ASSIGNED TASK: If a line in the records below contains the word "bool", copy it.

(Extracted records)
# # #

(* Let $\mathbf r(x,y)$ be the middle surface of a membrane O surface with constant purely normal load $q_n\neq 0$ (setting and notation as in the context), and suppose it is of the 2nd kind, i.e. the curvature line coordinates $(x,y)$ are such that $$2\overline{A}_1 H_\circ - q_n A_1^2 = -q_n,\qquad 2\overline{A}_2 K_\circ - q_n A_2^2 = -q_n$$ (the normalization $f(x)=g(y)=q_n$). Then the first and third fundamental forms are represented as $$\mathrm{I} = (\cos\alpha + h\sin\alpha)^2\,dx^2 + (\sin\alpha - h\cos\alpha)^2\,dy^2,\qquad \mathrm{III} = e^{2\xi}(\sin^2\alpha\,dx^2 + \cos^2\alpha\,dy^2),$$ where the functions $h,\alpha,\xi$ of $(x,y)$ satisfy the system $$h_x = (h+\cot\alpha)\,\xi_x,\qquad h_y = (h-\tan\alpha)\,\xi_y,$$ $$\xi_{xy} = \xi_x\xi_y + (\log\sin\alpha)_y\,\xi_x + (\log\cos\alpha)_x\,\xi_y,$$ $$(-\alpha_x + \xi_x\cot\alpha)_x + (\alpha_y + \xi_y\tan\alpha)_y + e^{2\xi}\sin\alpha\cos\alpha = 0.$$ Furthermore, the stress resultants are given by $$T_1 = \frac{q_n e^{-\xi}}{2}\,\frac{2h\sin\alpha + (1-h^2)\cos\alpha}{\sin\alpha - h\cos\alpha},\qquad T_2 = \frac{q_n e^{-\xi}}{2}\,\frac{2h\cos\alpha - (1-h^2)\sin\alpha}{\cos\alpha + h\sin\alpha}.$$
   Context: Let $\mathbf r(x,y)$ be a smooth surface in $\mathbb R^3$ parametrized by curvature line coordinates $(x,y)$, normalized so that $\mathbf r_x = A_1\mathbf X$, $\mathbf r_y = A_2\mathbf Y$ with $\mathbf X,\mathbf Y$ orthonormal. Let $\mathbf N = \mathbf X\times\mathbf Y$, let $\kappa_1,\kappa_2$ be the principal curvatures along the $x$- and $y$-lines, and set $H_\circ = -\kappa_1 A_1$, $K_\circ = -\kappa_2 A_2$, so that $\mathbf N_x = H_\circ\mathbf X$, $\mathbf N_y = K_\circ\mathbf Y$; the first fundamental form is $\mathrm I = A_1^2dx^2 + A_2^2dy^2$ and the third is $\mathrm{III} = H_\circ^2dx^2 + K_\circ^2dy^2$. Put $p=(A_1)_y/A_2$, $q = (A_2)_x/A_1$; the Gauss–Mainardi–Codazzi equations are $(H_\circ)_y = pK_\circ$, $(K_\circ)_x = qH_\circ$, $p_y+q_x+H_\circ K_\circ = 0$. The surface is the middle surface of a shell membrane on which a constant purely normal load $q_n\neq0$ (per unit area) acts, with principal stress lines coinciding with principal curvature lines; the in-plane normal stress resultants $T_1,T_2$ satisfy the equilibrium equations $(T_1)_x + (\log A_1)_x(T_1-T_2)=0$, $(T_2)_y + (\log A_2)_y(T_2-T_1)=0$, $\kappa_1T_1+\kappa_2T_2+q_n=0$. Such a configuration is called a membrane O surface. Set $\overline A_1 = T_2A_1$, $\overline A_2 = T_1A_2$. Then $f := q_nA_1^2 - 2\overline A_1H_\circ$ depends only on $x$ and $g := q_nA_2^2 - 2\overline A_2K_\circ$ depends only on $y$. The membrane O surface is said to be of the 1st kind if the curvature line coordinates can be chosen so that $f=-g=q_n$, and of the 2nd kind if they can be chosen so that $f=g=q_n$. *)

From Stdlib Require Import Reals List.
From Coquelicot Require Import Coquelicot.
Open Scope R_scope.

Definition dx (f : R -> R -> R) : R -> R -> R :=
  fun x y => Derive (fun t => f t y) x.
Definition dy (f : R -> R -> R) : R -> R -> R :=
  fun x y => Derive (fun t => f x t) y.

Definition Dw (l : list bool) (f : R -> R -> R) : R -> R -> R :=
  fold_right (fun (b : bool) g => if b then dx g else dy g) f l.

Definition smooth_on (U : R -> R -> Prop) (f : R -> R -> R) : Prop :=
  forall (l : list bool) (x y : R), U x y ->
    ex_derive (fun t => Dw l f t y) x /\
    ex_derive (fun t => Dw l f x t) y /\
    continuous (fun p : R * R => Dw l f (fst p) (snd p)) (x, y).

Definition open2 (U : R -> R -> Prop) : Prop :=
  forall x y, U x y -> exists eps, 0 < eps /\
    forall x' y', Rabs (x' - x) < eps -> Rabs (y' - y) < eps -> U x' y'.

Definition square (x0 y0 eps : R) : R -> R -> Prop :=
  fun x y => Rabs (x - x0) < eps /\ Rabs (y - y0) < eps.

Definition V3 := (R * R * R)%type.
Definition c1 (v : V3) : R := fst (fst v).
Definition c2 (v : V3) : R := snd (fst v).
Definition c3 (v : V3) : R := snd v.
Definition dot (u v : V3) : R := c1 u * c1 v + c2 u * c2 v + c3 u * c3 v.
Definition cross (u v : V3) : V3 :=
  (c2 u * c3 v - c3 u * c2 v, c3 u * c1 v - c1 u * c3 v, c1 u * c2 v - c2 u * c1 v).
Definition vscale (a : R) (v : V3) : V3 := (a * c1 v, a * c2 v, a * c3 v).

Definition dxV (F : R -> R -> V3) : R -> R -> V3 :=
  fun x y => (dx (fun s t => c1 (F s t)) x y,
              dx (fun s t => c2 (F s t)) x y,
              dx (fun s t => c3 (F s t)) x y).
Definition dyV (F : R -> R -> V3) : R -> R -> V3 :=
  fun x y => (dy (fun s t => c1 (F s t)) x y,
              dy (fun s t => c2 (F s t)) x y,
              dy (fun s t => c3 (F s t)) x y).
Definition smoothV (U : R -> R -> Prop) (F : R -> R -> V3) : Prop :=
  smooth_on U (fun s t => c1 (F s t)) /\
  smooth_on U (fun s t => c2 (F s t)) /\
  smooth_on U (fun s t => c3 (F s t)).

Definition normal (X Y : R -> R -> V3) : R -> R -> V3 :=
  fun x y => cross (X x y) (Y x y).

(** H_circ = - kappa_1 A_1, K_circ = - kappa_2 A_2. *)
Definition circ (k A : R -> R -> R) : R -> R -> R := fun x y => - k x y * A x y.

(** The normal equilibrium equation and the two normalizations [f = g = qn] eliminate the
    stresses and leave [(H A2 - K A1)^2 = H^2 + K^2], with [H], [K] the circled curvatures.
    So, writing [e^xi = |H A2 - K A1|], [sg] for the sign of [H A2 - K A1] and [al] for the
    polar angle of [(-K, sg H)], one has [H = sg e^xi sin al] and [K = - e^xi cos al], and the
    relation [H A2 - K A1 = sg e^xi] forces [A1 = sg (cos al + h sin al)] and
    [A2 = sin al - h cos al] for a unique [h].  In these variables the two Codazzi equations
    become the first-order equations for [h], their compatibility [h_xy = h_yx] is the equation
    for [xi_xy], and the Gauss equation, with [p = -sg (al_y + xi_y tan al)] and
    [q = -sg (-al_x + xi_x cot al)], is the last equation of the system.  The stresses are read
    off the normalizations: [T1 = qn (A2^2 - 1) / (2 A2 K)], [T2 = qn (A1^2 - 1) / (2 A1 H)]. *)

From Stdlib Require Import Reals List Lia Lra.
From Coquelicot Require Import Coquelicot.
Open Scope R_scope.

Lemma open2_locally_x W x y : open2 W -> W x y -> locally x (fun t => W t y).
Proof.
  intros HW Hxy. destruct (HW x y Hxy) as [e [He Hball]].
  exists (mkposreal e He). intros t Ht. apply Hball; [exact Ht|].
  rewrite Rminus_diag, Rabs_R0; exact He.
Qed.

Lemma open2_locally_y W x y : open2 W -> W x y -> locally y (fun t => W x t).
Proof.
  intros HW Hxy. destruct (HW x y Hxy) as [e [He Hball]].
  exists (mkposreal e He). intros t Ht. apply Hball; [|exact Ht].
  rewrite Rminus_diag, Rabs_R0; exact He.
Qed.

Lemma open2_locally W x y : open2 W -> W x y ->
  locally (x, y) (fun p : R * R => W (fst p) (snd p)).
Proof.
  intros HW Hxy. destruct (HW x y Hxy) as [e [He Hball]].
  exists (mkposreal e He). intros [u v] [Hu Hv]. apply Hball; assumption.
Qed.

Section LocalPartials.
Variable W : R -> R -> Prop.
Hypothesis W_open : open2 W.

Lemma dx_ext_on f g x y : W x y -> (forall s t, W s t -> f s t = g s t) ->
  dx f x y = dx g x y.
Proof.
  intros Hxy Hfg. apply Derive_ext_loc.
  generalize (open2_locally_x W x y W_open Hxy). apply filter_imp. intros t Ht. apply Hfg, Ht.
Qed.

# # #

RESULT OF THIS EXERCISE:
Definition Dw (l : list bool) (f : R -> R -> R) : R -> R -> R :=
  fold_right (fun (b : bool) g => if b then dx g else dy g) f l.
  forall (l : list bool) (x y : R), U x y ->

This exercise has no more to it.